→ Aim of the task:
With the records below as your source, retype each line exactly from the top down to the line that contains "destruct (Hc x0", and include that line.

→ Given information:
Lemma RInt_eq_0_nonneg (g : R -> R) (a b : R) : a < b ->
  (forall x, a <= x <= b -> continuous g x) -> (forall x, a <= x <= b -> 0 <= g x) ->
  RInt g a b = 0 -> forall x, a <= x <= b -> g x = 0.
Proof.
  intros Hab Hc Hp Hi x0 Hx0.
  destruct (Rle_lt_or_eq_dec 0 (g x0) (Hp x0 Hx0)) as [Hlt |]; auto. exfalso.
  destruct (Hc x0 Hx0 _ (locally_ball (g x0) (mkposreal (g x0 / 2) ltac:(lra)))) as [[d Hd] Hnear].
  simpl in Hnear.
  set (l := Rmax a (x0 - d / 2)). set (r := Rmin b (x0 + d / 2)).
  assert (Hl : a <= l <= x0 /\ x0 - d / 2 <= l)
    by (unfold l; split; [split; [apply Rmax_l | apply Rmax_lub; lra] | apply Rmax_r]).
  assert (Hr : x0 <= r <= b /\ r <= x0 + d / 2)
    by (unfold r; split; [split; [apply Rmin_glb; lra | apply Rmin_l] | apply Rmin_r]).
  assert (Hlr : l < r).
  { destruct (Rlt_le_dec x0 b).
    - assert (x0 < r) by (unfold r; apply Rmin_glb_lt; lra). lra.
    - assert (l < x0) by (unfold l; apply Rmax_lub_lt; lra). lra. }
  assert (Hint : forall u v, a <= u <= v -> v <= b -> ex_RInt g u v)
    by (intros u v Hu Hv; apply (@ex_RInt_continuous R_CompleteNormedModule);
        rewrite Rmin_left, Rmax_right by lra; intros; apply Hc; lra).
  assert (I1 : 0 <= RInt g a l) by (apply RInt_ge_0; [lra | apply Hint; lra | intros; apply Hp; lra]).
  assert (I3 : 0 <= RInt g r b) by (apply RInt_ge_0; [lra | apply Hint; lra | intros; apply Hp; lra]).
  assert (I2 : 0 < RInt g l r).
  { apply RInt_gt_0; [exact Hlr | | intros; apply Hc; lra].
    intros x Hx. assert (Hd' : Rabs (x - x0) < d) by (unfold Rabs; destruct Rcase_abs; lra).
    specialize (Hnear x Hd'). unfold ball in Hnear; simpl in Hnear.
    unfold AbsRing_ball, abs, minus, plus, opp in Hnear; simpl in Hnear.
    unfold Rabs in Hnear. destruct Rcase_abs in Hnear; lra. }
  rewrite <- (RInt_Chasles g a r b), <- (RInt_Chasles g a l r) in Hi by (apply Hint; lra).
  unfold plus in Hi; simpl in Hi. lra.
Qed.

(* Equality case of Cauchy-Schwarz: [|w - c|^2 = |w|^2 - |c|^2] here. *)
Lemma eq_of_Re_conj_mult (c w : C) :
  Cmod w <= Cmod c -> Re (Cconj c * w) = Cmod c ^ 2 -> w = c.
Proof.
  intros Hle HRe.
  assert (Hsq : Cmod w ^ 2 <= Cmod c ^ 2) by (generalize (Cmod_ge_0 w); nra).
  rewrite !Cmod2_alt in Hsq. rewrite Cmod2_alt in HRe.
  destruct c as [c1 c2], w as [w1 w2]. unfold Re, Im in *; simpl in *.
  assert (Hnonpos : (w1 - c1)² + (w2 - c2)² <= 0) by (unfold Rsqr; nra).
  assert (Hdist : (w1 - c1)² + (w2 - c2)² = 0)
    by (generalize (Rle_0_sqr (w1 - c1)) (Rle_0_sqr (w2 - c2)); lra).
  destruct (Rplus_sqr_eq_0 _ _ Hdist). f_equal; lra.
Qed.

Lemma continuous_Re_mult (phi : R -> C) (c : C) (t : R) :
  RC_continuous_at phi t -> continuous (fun s => Re (c * phi s)) t.
Proof.
  intros Hphi P [e He].
  destruct (Hphi (e / (Cmod c + 1))) as [d [Hd Hnear]];
    [apply Rdiv_lt_0_compat; [apply cond_pos | generalize (Cmod_ge_0 c); lra] |].
  exists (mkposreal d Hd). intros s Hs. apply He.
  change (Rabs (Re (c * phi s) - Re (c * phi t)) < e).
  specialize (Hnear s Hs).
  replace (Re (c * phi s) - Re (c * phi t)) with (Re (c * (phi s - phi t))%C)
    by (unfold Re; simpl; ring).
  eapply Rle_lt_trans; [apply re_le_Cmod |]. rewrite Cmod_mult.
  assert (Hpos := cond_pos e). assert (Hc := Cmod_ge_0 c).
  apply (Rmult_lt_compat_r (Cmod c + 1)) in Hnear; [| lra].
  replace (e / (Cmod c + 1) * (Cmod c + 1)) with (pos e) in Hnear by (field; lra).
  generalize (Cmod_ge_0 (phi s - phi t)). nra.
Qed.

(* The continuous function [|c|^2 - Re (conj c * phi)] is nonnegative with zero integral. *)
Lemma eq_of_C_RInt_max (phi : R -> C) (a b M : R) (c : C) : a < b ->
  (forall t, a <= t <= b -> RC_continuous_at phi t) ->
  (forall t, a <= t <= b -> Cmod (phi t) <= M) ->
  C_RInt phi a b = (RtoC (b - a) * c)%C -> Cmod c = M ->
  forall t, a <= t <= b -> phi t = c.
Proof.
  intros Hab Hc HM HI Hcm.
  set (psi := fun t => Cmod c ^ 2 - Re (Cconj c * phi t)).
  assert (Hpsi_nonneg : forall t, a <= t <= b -> 0 <= psi t).
  { intros t Ht. unfold psi.
    assert (Hre := Rle_trans _ _ _ (Rle_abs _) (re_le_Cmod (Cconj c * phi t))).
    rewrite Cmod_mult, Cmod_conj in Hre. generalize (HM t Ht) (Cmod_ge_0 c). rewrite Hcm in *. nra. }
  assert (Hpsi_int : RInt psi a b = 0).
  { apply is_RInt_unique.
    assert (Hex : ex_C_RInt phi a b)
      by (apply ex_C_RInt_continuous; rewrite Rmin_left, Rmax_right by lra; exact Hc).
    assert (I1 := is_C_RInt_re _ _ _ _ (is_C_RInt_affine phi a b _ (Cconj c) 0%C (C_RInt_correct _ _ _ Hex))).
    assert (I2 := is_RInt_minus (V := R_NormedModule) _ _ _ _ _ _
                   (is_RInt_const (V := R_NormedModule) a b (Cmod c ^ 2)) I1).
    rewrite HI in I2.
    replace 0 with (minus (scal (b - a) (Cmod c ^ 2))
                          (Re (Cconj c * (RtoC (b - a) * c) + RtoC (b - a) * 0)%C)).
    - apply (is_RInt_ext (V := R_NormedModule)) with (2 := I2).
      intros x _. unfold psi, minus, plus, opp; simpl. ring.
    - rewrite Cmod2_alt. destruct c as [c1 c2]. unfold minus, plus, opp, scal, Re, Im; simpl.
      unfold mult; simpl. ring. }
  intros t Ht. apply eq_of_Re_conj_mult; [rewrite Hcm; auto |].
  assert (Z := RInt_eq_0_nonneg psi a b Hab
                 (fun s Hs => continuous_minus _ _ s (continuous_const _ s)
                                                (continuous_Re_mult _ _ s (Hc s Hs)))
                 Hpsi_nonneg Hpsi_int t Ht).
  unfold psi in Z. lra.
Qed.

Lemma mean_value_property_disc (F : C -> C) (t : R) (e z : C) :
  0 < t -> Cmod e < t -> Cmod z < t -> C_continuous_at F e ->
  (forall w, Cmod w <= t -> w <> e -> ex_C_derive F w) ->
  exists t0, -2 * PI <= t0 <= 0 /\
    circle_integral (fun u => F (disc_map t z u)) 0 t0 = (RtoC (2 * PI) * F z)%C.
Proof.
  intros Ht He Hz Hce HF.
  set (p := disc_map_inv t z e).
  assert (Hp : Cmod p < 1) by (apply Cmod_disc_map_inv_lt; auto).
  assert (Hmap_p : disc_map t z p = e) by (apply disc_mapK; auto; lra).
  assert (Hcz : C_continuous_at F z).
  { destruct (classic (z = e)) as [-> | Hne]; [exact Hce |].
    apply ex_C_derive_continuous, HF; [lra | exact Hne]. }
  replace (F z) with (F (disc_map t z 0)) by (rewrite disc_map_0; auto).
  apply mean_value_property with (p := p); [exact Hp | | |].
  - apply (C_continuous_comp (disc_map t z) F).
    + apply ex_C_derive_continuous, ex_C_derive_disc_map; auto; lra.
    + rewrite Hmap_p. exact Hce.
  - apply (C_continuous_comp (disc_map t z) F).
    + apply ex_C_derive_continuous, ex_C_derive_disc_map; auto. rewrite Cmod_0. lra.
    + rewrite disc_map_0 by exact Ht. exact Hcz.
  - intros u Hu Hne. destruct (ex_C_derive_disc_map t z Ht Hz u Hu) as [l Hl].
    destruct (HF (disc_map t z u)) as [l' Hl'].
    + apply Cmod_disc_map_le; auto.
    + intros E. apply Hne. unfold p. rewrite <- E. symmetry. apply disc_map_invK; auto.
    + eexists. exact (is_C_derive_comp _ F u l l' Hl Hl').
Qed.

Theorem maximum_modulus (F : C -> C) (t : R) (e : C) (M : R) :
  0 < t -> Cmod e < t -> C_continuous_at F e ->
  (forall w, Cmod w <= t -> w <> e -> ex_C_derive F w) ->
  (forall w, Cmod w = t -> Cmod (F w) <= M) ->
  forall z, Cmod z < t ->
    Cmod (F z) <= M /\ (Cmod (F z) = M -> forall w, Cmod w = t -> F w = F z).
Proof.
  intros Ht He Hce HF HM z Hz. assert (PI_pos := PI_RGT_0).
  destruct (mean_value_property_disc F t e z Ht He Hz Hce HF) as [t0 [Ht0 Hmean]].
  set (phi := fun s => F (disc_map t z (Cexp (0, s)))).
  assert (Hphi_bound : forall s, Cmod (phi s) <= M)
    by (intros s; apply HM, Cmod_disc_map_eq, Cmod_Cexp_pure_imag; auto).
  assert (Hphi_cont : forall s, RC_continuous_at phi s).
  { intros s. apply (RC_continuous_vertical (fun w => F (disc_map t z (Cexp w))) 0 s).
    apply (C_continuous_comp Cexp (fun u => F (disc_map t z u))); [apply C_continuous_Cexp |].
    assert (Hu : Cmod (Cexp (0, s)) = 1) by apply Cmod_Cexp_pure_imag.
    apply ex_C_derive_continuous.
    destruct (ex_C_derive_disc_map t z Ht Hz _ (Req_le _ _ Hu)) as [l Hl].
    destruct (HF (disc_map t z (Cexp (0, s)))) as [l' Hl'].
    - apply Cmod_disc_map_le; auto. lra.
    - intros E. generalize (Cmod_disc_map_eq t z Ht Hz _ Hu). rewrite E. lra.
    - eexists. exact (is_C_derive_comp _ F _ l l' Hl Hl'). }
  assert (Hex : ex_C_RInt phi t0 (t0 + 2 * PI)) by (apply ex_C_RInt_continuous; auto).
  assert (Hmean' : C_RInt phi t0 (t0 + 2 * PI) = (RtoC (t0 + 2 * PI - t0) * F z)%C)
    by (replace (t0 + 2 * PI - t0) with (2 * PI) by ring; exact Hmean).
  split.
  - assert (B := Cmod_is_C_RInt_le phi t0 (t0 + 2 * PI) M _ ltac:(lra) (fun s _ => Hphi_bound s)
                   (C_RInt_correct _ _ _ Hex)).
    rewrite Hmean', Cmod_RtoC_mult in B by lra.
    apply (Rmult_le_reg_l (2 * PI)); lra.
  - intros Hmax w Hw.
    assert (Hconst := eq_of_C_RInt_max phi t0 (t0 + 2 * PI) M (F z) ltac:(lra)
                        (fun s _ => Hphi_cont s) (fun s _ => Hphi_bound s) Hmean' Hmax).
    destruct (Cexp_unit_window (disc_map_inv t z w) t0) as [s [Hs Es]];
      [apply Cmod_disc_map_inv_eq; auto | exact Ht0 |].
    rewrite <- (disc_mapK t z Ht Hz w) by lra. rewrite Es. apply Hconst. exact Hs.
Qed.
Lemma subconfig_trans c d e : subconfig c d -> subconfig d e -> subconfig c e.
Proof.
move=> [r1 f1] [r2 f2]; split; first by rewrite r2.
by move=> v P vr /(f1 v P vr); exact: f2.
Qed.

Lemma reach_subconfig c d s x : subconfig c d -> reach c s x -> reach d s x.
Proof.
move=> [r f]; elim=> {s x} [s|j s v P vr fr _ IH]; first by rewrite -r; constructor.
exact: (ReachFrog j vr (f v P vr fr) IH).
Qed.

Lemma visited_by_subconfig c d t u :
  subconfig c d -> visited_by root c t u -> visited_by root d t u.
Proof.
move=> cd /visited_byP [s st rs]; apply/visited_byP; exists s => //.
exact: reach_subconfig cd rs.
Qed.

Lemma is_frog_sigma P c v Q :
  is_frog (sigma P c) v Q <-> (v = P 0 /\ Q = P) \/ is_frog c v Q.
Proof.
split.
- move=> [i /=]; case: eqVneq => [->|nvP] /=; last by right; exists i.
  rewrite ltnS leq_eqVlt => /orP [/eqP ->|li]; first by rewrite eqxx => <-; left.
  by rewrite (ltn_eqF li) => <-; right; exists i.
- case=> [[-> ->]|[i li <-]]; first by exists (ceta c (P 0)); rewrite /= !eqxx.
  exists i; last by rewrite /= (ltn_eqF li) andbF.
  by rewrite /=; case: ifP => // _; exact: ltnW.
Qed.

Lemma sigma_root P c : P 0 <> root -> cS (sigma P c) root 0 = cS c root 0.
Proof. by move=> Pr /=; case: eqP => // rP; case: Pr. Qed.

Lemma subconfig_sigma P c : P 0 <> root -> subconfig c (sigma P c).
Proof.
by move=> Pr; split=> [|v Q _ fr]; [exact: sigma_root | apply/is_frog_sigma; right].
Qed.

Lemma subconfig_sigma2 q c d :
  q 0 <> root -> subconfig c d -> subconfig (sigma q c) (sigma q d).
Proof.
move=> qr [r f]; split; first by rewrite !sigma_root.
move=> v P vr /is_frog_sigma [new|/(f v P vr) fd]; apply/is_frog_sigma; by [left|right].
Qed.

Definition extends_at x0 c d := subconfig c d /\
  forall v P, v <> root -> v <> x0 -> is_frog d v P -> is_frog c v P.
Let drop_index : drop (index q.+1 I) I = q.+1 :: drop (index q.+1 I).+1 I.
Proof. by rewrite (drop_nth 0) ?index_mem // nth_index. Qed.

Let drop_notin0 : 0 \notin drop (index q.+1 I).+1 I.
Proof. by apply: contra I0; apply: mem_drop. Qed.

Lemma mem_Ihat i : (i \in Ihat I (index q.+1 I)) = excise q false (fun i => i \in I) i.
Proof.
rewrite /Ihat /excise mem_cat mem_map_predn // (mem_take_index_sorted ltn_trans ltnn) //.
rewrite (mem_drop_index_sorted ltn_trans ltnn) // !ltnS.
by case: (ltngtP i q) => [lt_iq | lt_qi | ->]; rewrite ?andbT ?andbF ?orbF ?(negbTE q_notin).
Qed.

Lemma mem_Ik : q != 0 -> forall i, (i \in Ik I (index q.+1 I)) = excise q true (fun i => i \in I) i.
Proof.
move=> q_pos i; rewrite /Ik /excise mem_filter mem_cat drop_index /= inE mem_map_predn //.
rewrite (mem_take_index_sorted ltn_trans ltnn) // (mem_drop_index_sorted ltn_trans ltnn) // !ltnS.
case: (ltngtP i q) => [lt_iq | lt_qi | ->]; rewrite ?andbT ?andbF ?orbF ?orbT ?q_pos //=.
  by case: eqVneq => [->|] //=; rewrite (negbTE I0).
by rewrite -lt0n (leq_ltn_trans (leq0n q) lt_qi).
Qed.

End ExcisionOfAnAscent.

Lemma count_ins_at I n q : sorted ltn I -> 0 \notin I -> q < n ->
  count (is_des_set I n.+1 \o ins_at q n) (perms n) =
  if q.+1 \in Iprime I then
    (if q != 0 then d (Ik I (index q.+1 I)) n else 0) + d (Ihat I (index q.+1 I)) n
  else 0.
Proof.
move=> sorted_I I0 lt_qn; rewrite mem_filter /=.
case: ifP => [/andP [q_notin q1_in] | not_ascent]; last first.
  rewrite (eq_in_count (a2 := pred0)) ?count_pred0 // => s /perms_size_lt [size_s s_lt] /=.
  by apply: contraFF not_ascent => /(is_des_set_insP size_s s_lt _ lt_qn) [-> -> _].
rewrite (count_split_pred _ (fun s => is_des_seq n s q)) !d_count; congr (_ + _).
  case: eqVneq => [-> | q_pos] /=.
    by rewrite (eq_count (a2 := pred0)) ?count_pred0 // => s; rewrite /is_des_seq /= andbF.
  apply: eq_in_count => s /perms_size_lt [size_s s_lt] /=.
  by rewrite -(is_des_set_ins size_s s_lt lt_qn q1_in q_notin (mem_Ik sorted_I I0 q1_in q_pos)) eqb_id.
apply: eq_in_count => s /perms_size_lt [size_s s_lt] /=.
by rewrite -(is_des_set_ins size_s s_lt lt_qn q1_in q_notin (mem_Ihat sorted_I I0 q1_in q_notin)) eqbF_neg.
Qed.

Theorem theorem2p4 (I : seq nat) (n : nat) :
  I != [::] -> sorted ltn I -> 0 \notin I -> last 0 I < n ->
  d I n.+1 =
    d I n
    + \sum_(k < size I | (nth 0 I k \in Iprime I) && (nth 0 I k != 1)) d (Ik I k) n
    + \sum_(k < size I | nth 0 I k \in Iprime I) d (Ihat I k) n.
Proof.
move=> _ sorted_I I0 last_lt.
have uniq_I : uniq I := sorted_uniq ltn_trans ltnn sorted_I.
have I_range : {in I, forall x, 0 < x <= n}.
  move=> x xI; rewrite lt0n (ltnW (leq_ltn_trans (sorted_ltn_le_last sorted_I xI) last_lt)) andbT.
  by apply: contraNneq I0 => <-.
have ins_last : count (is_des_set I n.+1 \o ins_at n n) (perms n) = d I n.
  by rewrite d_count; apply: eq_in_count => s /perms_size_lt [size_s s_lt]; apply: is_des_set_ins_last.
rewrite d_count count_perms_ins_max big_ord_recr /= ins_last addnC -addnA; congr (_ + _).
pose G k := (if nth 0 I k != 1 then d (Ik I k) n else 0) + d (Ihat I k) n.
rewrite (eq_bigr (fun q : 'I_n => if q.+1 \in Iprime I then G (index q.+1 I) else 0)); last first.
  move=> q _; rewrite count_ins_at //; case: ifP => // q_ascent.
  have q1_in : q.+1 \in I by move: q_ascent; rewrite mem_filter => /andP [].
  by rewrite /G nth_index.
rewrite -big_mkcond /= big_ord_succ_index //; last by move=> x; rewrite mem_filter => /andP [].
by rewrite big_split -big_mkcondr.
Qed.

→ Task output:
Lemma RInt_eq_0_nonneg (g : R -> R) (a b : R) : a < b ->
  (forall x, a <= x <= b -> continuous g x) -> (forall x, a <= x <= b -> 0 <= g x) ->
  RInt g a b = 0 -> forall x, a <= x <= b -> g x = 0.
Proof.
  intros Hab Hc Hp Hi x0 Hx0.
  destruct (Rle_lt_or_eq_dec 0 (g x0) (Hp x0 Hx0)) as [Hlt |]; auto. exfalso.
  destruct (Hc x0 Hx0 _ (locally_ball (g x0) (mkposreal (g x0 / 2) ltac:(lra)))) as [[d Hd] Hnear].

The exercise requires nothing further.